Rapat yang berlangsung di Ruang Kerja Kadisparpora, Gedung Pinisi Lantai 2 ini, dihadiri langsung oleh Kasat Pol PP Andi Ashadi Oentoeng, S.E., M.M. Fokus utama pertemuan tersebut adalah menyusun langkah konkret penertiban terhadap adanya lapak dan gazebo baru yang tidak memiliki izin dan mengganggu estetika kawasan wisata.

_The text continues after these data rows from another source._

Lemma sum_inner_le_l1_norm (D : set V) n (r psi : 'I_n -> V) (S l : R) :
  (forall g, D g -> \sum_i inner (r i) g ^+ 2 <= S) -> 0 <= S ->
  l1_norm D psi = l%:E -> \sum_i inner (r i) (psi i) <= l * Num.sqrt S.
Proof.
move=> rS S0 psi_l; set s := Num.sqrt S; have s0 : 0 <= s by apply: sqrtr_ge0.
have approx e : 0 < e -> \sum_i inner (r i) (psi i) <= (l + e) * s.
  move=> e0; have /(lb_ereal_inf_adherent e0) : l1_norm D psi \is a fin_num.
    by rewrite psi_l.
  case=> _ [c [w rep] <-]; rewrite -/(l1_norm D psi) psi_l => cost_lt.
  have cost_fin : l1_cost c \is a fin_num.
    by rewrite ge0_fin_numE ?l1_cost_ge0 // (lt_trans cost_lt) ?ltry.
  apply: le_trans (sum_inner_le_l1_cost rS S0 rep (esym (fineK cost_fin))) _.
  by rewrite ler_wpM2r // -lee_fin fineK // ltW.
apply/ler_addgt0Pr => e e0.
have e1 : 0 < e / (s + 1) by rewrite divr_gt0 // ltr_wpDl.
apply: le_trans (approx _ e1) _.
by rewrite mulrDl lerD2l mulrAC ler_pdivrMr ?ltr_wpDl // ler_pM2l // lerDl.
Qed.

Lemma sum_inner_le n (r d : 'I_n -> V) :
  \sum_i inner (r i) (d i) <=
  Num.sqrt (\sum_i `|r i| ^+ 2) * Num.sqrt (\sum_i `|d i| ^+ 2).
Proof.
apply: le_trans (sum_mul_le (fun i => `|r i|) (fun i => `|d i|)).
by apply: ler_sum => i _; apply: inner_le.
Qed.

End L1Bound.

Section QuadraticRecursion.
Variable R : realFieldType.

Lemma quadratic_map_le_half (B x : R) : 0 < B -> x - x ^+ 2 / B <= B / 2.
Proof.
move=> B0; have := divr_ge0 (sqr_ge0 (x - B / 2)) (ltW B0).
have -> : x - x ^+ 2 / B = B / 4 - (x - B / 2) ^+ 2 / B by field; rewrite gt_eqF.
lra.
Qed.

Lemma quadratic_map_le_succ (B x : R) k : 0 < B -> 0 <= x -> x <= B / k.+2%:R ->
  x - x ^+ 2 / B <= B / k.+3%:R.
Proof.
move=> B0 x0; set z : R := k.+2%:R; have z_gt1 : 1 < z by rewrite ltr1n.
have -> : k.+3%:R = z + 1 :> R by rewrite -addn1 natrD.
set y := B / z => xy.
(* [x |-> x - x^2/B] increases on [[0, B/2]], which contains [y] *)
have mono : x - x ^+ 2 / B <= y - y ^+ 2 / B.
  rewrite -subr_ge0.
  have -> : y - y ^+ 2 / B - (x - x ^+ 2 / B) = (y - x) * (B - x - y) / B.
    by field; rewrite gt_eqF.
  have yB : y <= B / 2 by rewrite ler_pM2l // lef_pV2 ?posrE ?ltr0n // ler_nat.
  by apply: divr_ge0; [apply: mulr_ge0; lra | exact: ltW].
apply: le_trans mono _; rewrite -subr_ge0.
have -> : B / (z + 1) - (y - y ^+ 2 / B) = B / (z ^+ 2 * (z + 1)).
  by rewrite /y; field; rewrite !gt_eqF //; lra.
by apply: divr_ge0; [exact: ltW | apply: mulr_ge0; [exact: sqr_ge0 | lra]].
Qed.

Lemma quadratic_recursion_le (a : nat -> R) (B : R) : 0 < B ->
  (forall k, a k.+1 <= a k) ->
  (forall k, 0 <= a k -> a k.+1 <= a k - a k ^+ 2 / B) ->
  forall m, a m.+1 <= B / m.+2%:R.
Proof.
move=> B0 a_dec a_step.
have neg_case k j : a k < 0 -> a k.+1 <= B / j.+1%:R.
  by move=> ak; rewrite (le_trans (a_dec k)) // (le_trans (ltW ak)) // divr_ge0 ?ltW.
elim=> [|m IH].
  have [/neg_case //|a0] := ltP (a 0%N) 0.
  exact: le_trans (a_step _ a0) (quadratic_map_le_half _ B0).
have [/neg_case //|am] := ltP (a m.+1) 0.
exact: le_trans (a_step _ am) (quadratic_map_le_succ B0 am IH).
Qed.

End QuadraticRecursion.

Section GreedyRate.
Variable R : rcfType.

Lemma sqr_gap_le (x y t : R) : 0 <= x -> 0 <= y -> y <= x ->
  x - Num.sqrt x * Num.sqrt y <= t -> (x - y) ^+ 2 <= 4 * t ^+ 2.
Proof.
move=> x0 y0 yx; move: (sqr_sqrtr x0) (sqr_sqrtr y0) (sqrtr_ge0 x) (sqrtr_ge0 y).
move: (Num.sqrt x) (Num.sqrt y) => s u ex ey s0 u0 gap; subst x y.
have half : 0 <= (s ^+ 2 - u ^+ 2) / 2 <= t.
  by apply/andP; split; [lra | apply: le_trans gap; nra].
nra.
Qed.

Lemma greedy_decay_rate (rho S : nat -> R) (l E kappa : R) :
  0 <= l -> 0 <= E -> 0 < kappa ->
  (forall k, 0 <= rho k) -> (forall k, 0 <= S k) ->
  (forall k, rho k.+1 <= rho k - kappa ^+ 2 * S k) ->
  (forall k, rho k - Num.sqrt (rho k) * Num.sqrt E <= l * Num.sqrt (S k)) ->
  forall m, rho m.+1 <= 4 / kappa ^+ 2 * (m.+2%:R)^-1 * (l * l) + E.
Proof.
move=> l0 E0 kappa0 rho0 S0 rho_dec gap.
pose a k := rho k - E.
have a_dec k : a k.+1 <= a k - kappa ^+ 2 * S k by rewrite /a; have := rho_dec k; lra.
have a_sqr k : 0 <= a k -> a k ^+ 2 <= 4 * l ^+ 2 * S k.
  move=> ak; rewrite -(sqr_sqrtr (S0 k)) -mulrA -exprMn.
  by apply: sqr_gap_le (rho0 k) E0 _ (gap k); rewrite -subr_ge0.
have [l_eq0 m|l_neq0] := eqVneq l 0.
  rewrite l_eq0 !mulr0 add0r -subr_le0 leNgt; apply/negP => am.
  have := a_sqr m.+1 (ltW am).
  by rewrite l_eq0 (expr2 0) !(mulr0, mul0r) leNgt mulr_gt0.
have l_gt0 : 0 < l by rewrite lt_def l_neq0.
set B := 4 * l ^+ 2 / kappa ^+ 2.
have B_gt0 : 0 < B by rewrite divr_gt0 ?mulr_gt0 ?exprn_gt0.
have a_step k : 0 <= a k -> a k.+1 <= a k - a k ^+ 2 / B.
  move=> ak; apply: le_trans (a_dec k) _; rewrite lerD2l lerN2.
  have -> : a k ^+ 2 / B = kappa ^+ 2 * (a k ^+ 2 / (4 * l ^+ 2)).
    by rewrite /B; field; rewrite !gt_eqF.
  by rewrite ler_pM2l ?exprn_gt0 // ler_pdivrMr ?mulr_gt0 ?exprn_gt0 // mulrC a_sqr.
have a_decr k : a k.+1 <= a k.
  by have := a_dec k; have := mulr_ge0 (sqr_ge0 kappa) (S0 k); lra.
move=> m; have := quadratic_recursion_le B_gt0 a_decr a_step m.
have -> : B / m.+2%:R = 4 / kappa ^+ 2 * (m.+2%:R)^-1 * (l * l) by rewrite /B; ring.
by rewrite /a lerBlDr.
Qed.

End GreedyRate.

Section CollectiveOMP.
Variables (R : realType) (V : completeNormedModType R) (inner : V -> V -> R).
Variables (D : set V) (n : nat) (phi : 'I_n -> V) (kappa : R) (omega : nat -> V).
Hypotheses (ip : is_inner_product inner) (D_normed : forall w, D w -> `|w| = 1).
Hypothesis omp : collective_omp inner D phi kappa omega.

Local Notation res k i := (phi i - proj inner (Wspan omega k) (phi i)).
Local Notation rho := (residual inner phi omega).

Definition omp_gain k w := \sum_i inner (res k i) w ^+ 2.

Definition max_gain k := sup [set omp_gain k w | w in D].

Lemma residual_ge0 k : 0 <= rho k.
Proof. by apply: sumr_ge0 => i _; apply: sqr_ge0. Qed.

Lemma omp_gain_le_residual k w : D w -> omp_gain k w <= rho k.
Proof.
move=> Dw; apply: ler_sum => i _.
by have := sqr_inner_le ip (res k i) w; rewrite (D_normed Dw) expr1n mulr1.
Qed.

Lemma omp_gain_le_max k w : D w -> omp_gain k w <= max_gain k.
Proof.
move=> Dw; apply: ub_le_sup; last by exists w.
by exists (rho k) => _ [g Dg <-]; apply: omp_gain_le_residual.
Qed.

Lemma max_gain_ge0 k : 0 <= max_gain k.
Proof.
apply: le_trans _ (omp_gain_le_max k (omp k).1).
by apply: sumr_ge0 => i _; apply: sqr_ge0.
Qed.

(* Adding to [proj (phi i)] its component [t] along the new atom gives an
   element of [W k.+1] at squared distance [|res k i|^2 - t^2] from [phi i]. *)
Lemma residualS_le k : rho k.+1 <= rho k - kappa ^+ 2 * max_gain k.
Proof.
have [D_new gain_new] := omp k.
apply: (@le_trans _ _ (rho k - omp_gain k (omega k.+1))); last by rewrite lerD2l lerN2.
rewrite /residual /omp_gain -sumrB; apply: ler_sum => i _.
set t := inner (res k i) (omega k.+1).
have W_new : Wspan omega k.+1 (proj inner (Wspan omega k) (phi i) + t *: omega k.+1).
  apply: WspanD; last exact/WspanZ/Wspan_last.
  exact/WspanS/(projP ip omega k (phi i)).1.
apply: le_trans (proj_min ip (phi i) W_new) _.
rewrite opprD addrA (sqr_normB ip) (innerZr ip) normrZ (D_normed D_new) mulr1 -/t.
by rewrite real_normK ?num_real // le_eqVlt; apply/orP; left; apply/eqP; ring.
Qed.

Lemma residual_gap_le psi l : l1_norm D psi = l%:E -> forall k,
  rho k - Num.sqrt (rho k) * Num.sqrt (\sum_i `|phi i - psi i| ^+ 2) <=
  l * Num.sqrt (max_gain k).
Proof.
move=> psi_l k.
apply: le_trans (sum_inner_le_l1_norm ip (omp_gain_le_max k) (max_gain_ge0 k) psi_l).
have rho_split : rho k =
    \sum_i inner (res k i) (psi i) + \sum_i inner (res k i) (phi i - psi i).
  rewrite -big_split; apply: eq_bigr => i _.
  by rewrite /= (innerBr ip) addrCA subrr addr0 -(inner_proj_self ip).
by rewrite {1}rho_split -addrA gerDl subr_le0; apply: sum_inner_le.
Qed.

End CollectiveOMP.

Theorem theorem2 (R : realType) (V : completeNormedModType R)
    (inner : V -> V -> R) (D : set V) (n : nat) (phi : 'I_n -> V)
    (kappa : R) (omega : nat -> V) :
  is_inner_product inner ->
  is_dictionary D ->
  is_orthonormal inner phi ->
  0 < kappa < 1 ->
  collective_omp inner D phi kappa omega ->
  forall (psi : 'I_n -> V) (m : nat), (1 <= m)%N ->
    ((residual inner phi omega m)%:E <=
     (4 / kappa ^+ 2 * (m.+1%:R)^-1)%:E * (l1_norm D psi * l1_norm D psi)
     + (\sum_(i < n) `|phi i - psi i| ^+ 2)%:E)%E.
Proof.
move=> ip [D_normed _] _ /andP[kappa_gt0 _] omp psi [//|m] _.
have E0 : 0 <= \sum_(i < n) `|phi i - psi i| ^+ 2.
  by apply: sumr_ge0 => i _; apply: sqr_ge0.
move: (l1_norm_ge0 D psi); case psi_l : (l1_norm D psi) => [l| |] // l_ge0.
  rewrite -!EFinM -EFinD lee_fin; rewrite lee_fin in l_ge0.
  exact: (greedy_decay_rate l_ge0 E0 kappa_gt0 (residual_ge0 inner phi omega)
    (max_gain_ge0 ip D_normed omp) (residualS_le ip D_normed omp)
    (residual_gap_le ip D_normed omp psi_l)).
have c_gt0 : 0 < 4 / kappa ^+ 2 * (m.+2%:R)^-1.
  by rewrite mulr_gt0 ?divr_gt0 ?exprn_gt0 ?invr_gt0 ?ltr0n.
by rewrite mulyy muleC gt0_mulye // addye ?leey.
Qed.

Hj. Hamrina mengungkapkan bahwa sebelumnya, Kepala UPT Kawasan Wisata Tanjung Bira (Mustamar, S.Sos) bersama Kasat Pol PP telah bergerak cepat menindaklanjuti surat larangan Bupati dengan turun langsung ke lokasi. Mereka telah memberikan teguran lisan maupun tertulis serta pemahaman secara persuasif kepada para pelaku usaha mengenai pentingnya menjaga tata ruang pantai.
Namun, sangat disayangkan langkah persuasif tersebut tidak diindahkan sepenuhnya. “Kepala UPT dan Kasat Pol PP sudah turun langsung memberi pemahaman, tetapi di lapangan kita masih melihat adanya penambahan lapak dan gazebo baru. Hal ini memaksa kita untuk mengambil langkah yang lebih tegas sesuai aturan,” ujar Hj. Hamrina.
Langkah ini diambil karena teguran tertulis yang sebelumnya dikeluarkan oleh Bupati Bulukumba melalui surat nomor 400.14.4.3/897/Disparpora tertanggal 16 April 2025 tidak diindahkan oleh sebagian pelaku usaha.
“Kawasan Wisata Pantai Pasir Putih Tanjung Bira adalah ikon pariwisata unggulan Kabupaten Bulukumba di Kecamatan Bonto Bahari yang harus kita jaga kelestariannya. Keindahan pasir putihnya yang mendunia dan kenyamanan akses pantai adalah daya tarik utama. Namun, saat ini banyak yang membangun lapak dan gazebo baru hingga ke bibir pantai, yang justru membuat akses wisatawan semakin sempit dan merusak keindahan ekosistem pantai,” tegas Hj. Hamrina.
Kasat Pol PP, Andi Ashadi Oentoeng, menyatakan kesiapannya untuk melakukan tindakan tegas sesuai dengan regulasi yang berlaku. Penertiban ini dilakukan demi menjamin bahwa kawasan Bira tetap tertata, nyaman, dan tetap menjadi primata pariwisata bagi wisatawan domestik maupun mancanegara.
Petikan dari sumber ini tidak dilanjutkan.